### Provided records

(* Let $\pi$ be an $r$-homogeneous strongly log-concave distribution with associated matroid $\mathcal{M}=(E,\mathcal{I})$, and let $I\in\mathcal{I}$ with $|I|\le r-2$. Then the modified log-Sobolev constant of the walk $P^{\wedge}_{I,1}$ satisfies $\rho(P^{\wedge}_{I,1})\ge\frac12$.
   Context: $\pi:2^{[n]}\to\mathbb{R}_{\ge0}$ has generating polynomial $g_\pi(x)=\sum_S\pi(S)\prod_{i\in S}x_i$; $r$-homogeneous means the support consists of $r$-sets; strongly log-concave means for every $J\subseteq[n]$, $\nabla^2\log(\partial_J g_\pi)$ is negative semidefinite at the all-ones vector. The support $\mathcal{B}$ is the set of bases of a rank-$r$ matroid $\mathcal{M}=(E,\mathcal{I})$. Weights: $w(J)=(r-|J|)!\sum_{B\in\mathcal{B},B\supseteq J}\pi(B)$ for $J\in\mathcal{I}$, $w(J)=0$ otherwise. Let $\Omega_I=\{v\in E\setminus I: I\cup\{v\}\in\mathcal{I}\}$ with distribution $\pi_{I,1}(v)=w(I\cup\{v\})/w(I)$. The walk $P^{\wedge}_{I,1}$ on $\Omega_I$: $P^{\wedge}_{I,1}(u,u)=\frac12$; $P^{\wedge}_{I,1}(u,v)=\frac{w(I\cup\{u,v\})}{2w(I\cup\{u\})}$ if $u\neq v$ and $I\cup\{u,v\}\in\mathcal{I}$; $0$ otherwise. It is reversible with stationary distribution $\pi_{I,1}$. For reversible $P$ with stationary $\mu$: $\mathcal{E}_P(f,g)=\sum_{x,y}\mu(x)f(x)[I-P](x,y)g(y)$, $\mathrm{Ent}_\mu(f)=\mathbb{E}_\mu(f\log f)-\mathbb{E}_\mu f\log\mathbb{E}_\mu f$ ($0\log0=0$), $\rho(P)=\inf\{\mathcal{E}_P(f,\log f)/\mathrm{Ent}_\mu(f): f\ge0,\ \mathrm{Ent}_\mu(f)\ne0\}$. *)

From HB Require Import structures.
From mathcomp Require Import all_boot all_order all_algebra.
From mathcomp Require Import mpoly.
From mathcomp Require Import all_classical all_reals all_analysis.
Set Implicit Arguments. Unset Strict Implicit. Unset Printing Implicit Defensive.
Import Order.TTheory GRing.Theory Num.Theory.
Local Open Scope ring_scope.

Section SLC.
Variables (R : realType) (n : nat).
Implicit Types (pi : {set 'I_n} -> R).

Definition genpoly pi : mpoly.mpoly n R :=
  \sum_(S : {set 'I_n}) pi S *: \prod_(i in S) mpoly.mpolyX R (mpoly.mnm1 i).

Definition partialJ (J : {set 'I_n}) (p : mpoly.mpoly n R) : mpoly.mpoly n R :=
  foldr (fun i q => mpoly.mderiv i q) p (enum J).

Definition ones : 'I_n -> R := fun _ => 1.

(* Hessian of log h at the point a (for h(a) > 0), entries
   d^2/dx_i dx_j log h = (h * h_ij - h_i * h_j) / h^2. *)
Definition hess_log (h : mpoly.mpoly n R) (a : 'I_n -> R) (i j : 'I_n) : R :=
  (mpoly.meval a h * mpoly.meval a (mpoly.mderiv j (mpoly.mderiv i h))
   - mpoly.meval a (mpoly.mderiv i h) * mpoly.meval a (mpoly.mderiv j h))
  / (mpoly.meval a h) ^+ 2.

Definition nsd (M : 'I_n -> 'I_n -> R) : Prop :=
  forall v : 'I_n -> R, \sum_i \sum_j v i * M i j * v j <= 0.

Definition homogeneous pi (r : nat) : Prop :=
  forall S, pi S != 0 -> #|S| = r.

(* strongly log-concave: for every J, Hess(log d_J g) at 1 is NSD
   (d_J g has nonnegative coefficients, so log d_J g is defined at 1
   exactly when d_J g is not the zero polynomial, i.e. d_J g(1) <> 0). *)
Definition strongly_log_concave pi : Prop :=
  forall J : {set 'I_n},
    mpoly.meval ones (partialJ J (genpoly pi)) != 0 ->
    nsd (hess_log (partialJ J (genpoly pi)) ones).

Definition pi_support pi : {set {set 'I_n}} := [set S | pi S != 0].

### What the exercise asks
Provide only the number of lines in the listing above that contain "forall".

### Exercise answer
3